Friday, April 21, 2006

Unamazing Grace

Claudia Emerson's Late Wife

One of the chief benefits of keeping track of all the important literary prizes, is that it introduces you to many new writers / poets. I'd never heard of Claudia Emerson till she won the Pulitzer Prize for Poetry five days ago, and on the whole am grateful to the Pulitzer for introducing me to her work.

Emerson's Late Wife is a collection in three parts - the first part describes the sadness and eventual break-up of a marriage, the second (somewhat less focussed) handles getting over that break-up, and the third is an exploration of being in a second marriage and dealing with the memory of her new husband's late wife (hence the title). It's a short collection - each section has maybe a dozen poems, the entire book is only a little over 50 pages long.
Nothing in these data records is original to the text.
Definition ad_e_retraction (B : M4) : M4 :=
  mx4 (fun i j => nth 0 (nth [::]
    [:: [:: ent B 0 1 + ent B 1 3; ent B 0 3; 0; 0];
        [:: - ent B 0 0; ent B 1 3; - ent B 0 2; 0];
        [:: ent B 2 1; ent B 2 3; - ent B 0 1 - 2%:R * ent B 1 3; - ent B 0 0];
        [:: - ent B 1 0; - ent B 0 0 - ent B 1 1; - ent B 1 2; 0]] i) j).

Lemma ad_e_retractionK x : in_n1 x -> ad_e_retraction (bra x nil_e) = x.
Proof.
move=> /in_n1P[tr_x [x02 x03 x13 x33 x10]].
have x22 := ent22_sl4 tr_x x33.
rewrite /ad_e_retraction [in LHS](mx4_entries x); unfold_sl4; mx4_simpl.
rewrite !ent_mx4 // /ent in x02 x03 x13 x33 x22 x10 *; rewrite [RHS]mx4_entries.
by mx4_ext; rewrite ?x02 ?x03 ?x13 ?x33 ?x22 ?x10; ring.
Qed.

Lemma ge_n1_trivial x : in_ge x -> in_n1 x -> x = 0.
Proof.
move=> [_ xe] /ad_e_retractionK <-; rewrite xe /ad_e_retraction [RHS]mx4_entries.
by mx4_ext; rewrite /ent !mxE; ring.
Qed.

Definition ge_part (x : M4) : M4 :=
  ent x 0 2 *: E 0 2 + ent x 0 3 *: E 0 3 + ent x 1 3 *: (E 0 1 + E 1 3)
  + (ent x 2 3 - ent x 1 0) *: E 2 3
  + ent x 3 3 *: (E 0 0 + E 1 1 - 3%:R *: E 2 2 + E 3 3).

Lemma ge_part_ge x : in_ge (ge_part x).
Proof.
split; rewrite /in_sl4 /ge_part; unfold_sl4; mx4_simpl; first by rewrite /=; ring.
by rewrite [RHS]mx4_entries; mx4_ext; rewrite mxE; ring.
Qed.

Lemma sub_ge_part_n1 x : in_sl4 x -> in_n1 (x - ge_part x).
Proof.
move=> tr_x; apply/in_n1P; split.
  exact: in_sl4B tr_x (proj1 (ge_part_ge x)).
rewrite /ge_part [in X in ent X](mx4_entries x); mx4_simpl; rewrite !ent_mx4 //=.
by split; ring.
Qed.

Lemma sl4_ge_n1_decomposition x :
  in_sl4 x -> exists y z, in_ge y /\ in_n1 z /\ x = y + z.
Proof.
move=> tr_x; exists (ge_part x), (x - ge_part x).
by split; [exact: ge_part_ge | split; [exact: sub_ge_part_n1 | rewrite addrC subrK]].
Qed.

Lemma n1_not_ad_hplus_stable : ~ (forall x, in_n1 x -> in_n1 (bra hplus x)).
Proof.
move=> stable.
have n1_X : in_n1 (Xm1 + Xa3).
  apply/in_n1P; rewrite /in_sl4; unfold_sl4; mx4_simpl; rewrite !ent_mx4 //=.
  by split; [|split]; ring.
have /in_n1P[_ [_ _ _ _ /eqP]] := stable _ n1_X; rewrite -subr_eq0.
have -> : ent (bra hplus (Xm1 + Xa3)) 1 0 - ent (bra hplus (Xm1 + Xa3)) 2 3 = - 4%:R.
  by unfold_sl4; mx4_simpl; rewrite !ent_mx4 //=; ring.
by rewrite oppr_eq0 pnatr_eq0.
Qed.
But Emerson manages to pack a lot into those pages. Late Wife is a study in quiet elegance; Emerson's poems here have a dignified, almost formal beauty that modulates and enhances the grief she is writing about, making it almost elegaic. Her descriptions are exact and lucid, and she has the true poet's knack for bringing her poems to a close with that one glowing line that makes the entire poem come alive. Consider:

"The waxwing
accepted us as given, and with us
our seized, repressed sky, glassed light,

narrow stairway. So when we let it go,
when it refused that atavistic
sky, remained instead for a full

month in the hickory tree that loomed
over the house, I asked you why
we'd fed it. What had we saved

for a world so alien, the waxwing
must have believed it had died in those rooms
where for a while we went on living?"

- from 'Waxwing'

Much of the book reads like this - verse after careful verse revealing, gradually, the shape of the poet's conceit, the single metaphor often stretching across the whole poem.

And that, I think, was the problem I had with the book. Adept as she is, Emerson is also, I feel, unsurprising. Emerson does vary form and metre a little, but the overall tone of her poetry never changes, so that the poems blur together and you have the impression of reading one long-ish poem rather than several. And even within that poem, even within the 20 pages of each section, there's a sense of predictability. The ideas / metaphors themselves are not strikingly brilliant, and there are few startling images. If these poems are compelling at all, it is because they have a classical aestheticism to them, not because they are particularly moving. There are some marvellous poems here, but on the whole it seems to me that Emerson is more a highly accomplished poet than a breathtaking one.

Among the sections, I liked the third one (late wife) the best, with its mournful but consoling sonnets exploring the memory of a husband's former wife (dead of cancer). There are some lovely poems here, and the overall effect is sharpened, I think, by the fact that the reasons for the sadness are so much more specific. In a poem about finding a glove of the ex-wife, Emerson writes:

"It still remembered
her hand, the creases where her fingers

had bent to hold the wheel, the turn
of her palm, smaller than mine. There was
nothing else to do but return it -
let it drift, sink, slow as a leaf through water
to rest on the bottom where I have not
forgotten it remains - persistent in its loss."

- from 'Driving Glove'.

At one level, this section is a fascinating study in the transference of grief, an exploration of the idea that loving someone means mourning for their losses. As the new wife, the 'I' of these poems can have no real memory of the person whose loss grieves her - this is a second-hand mourning and Emerson's calm, almost bloodless style seems particularly appropriate.

The same can't be said for the first section. On the whole the poems here are as good, but the section overall strikes me as unconvincing, simply because it seems too detached in its sadness. Perhaps it's just that in the world after Plath and Sexton, we've come to expect poetry to be rawer and more personal. With many of the poems in the first section of Late Wife (divorce epistles), one feels that they could just as easily have been written in third person.

This is not really an argument against the poems themselves, of course - it is an argument against the larger structure of the book. It seems to me that by framing the book so explicitly into three stages, Emerson does her own poetry a disservice. The poems work well enough by themselves, but when you start thinking of them as being poems written by someone in a particular frame of mind / at a particular stage in her life, they begin to disappoint. Take the third section. Is all Emerson can find to say about her new marriage that she mourns the loss of her husband's former wife?

Overall, then, it seems to me that Late Wife is a niche book. Emerson takes two basic poem ideas - a bitter-sweet look back at a failed marriage, and an elegy for a loved one's former wife (who is also, of course, a stand-in for the poet's own former self, the fact that this self died of cancer only makes that idea more complicated and interesting) - and spins them out into a series of variations. There is little range here, but a great deal of formal depth.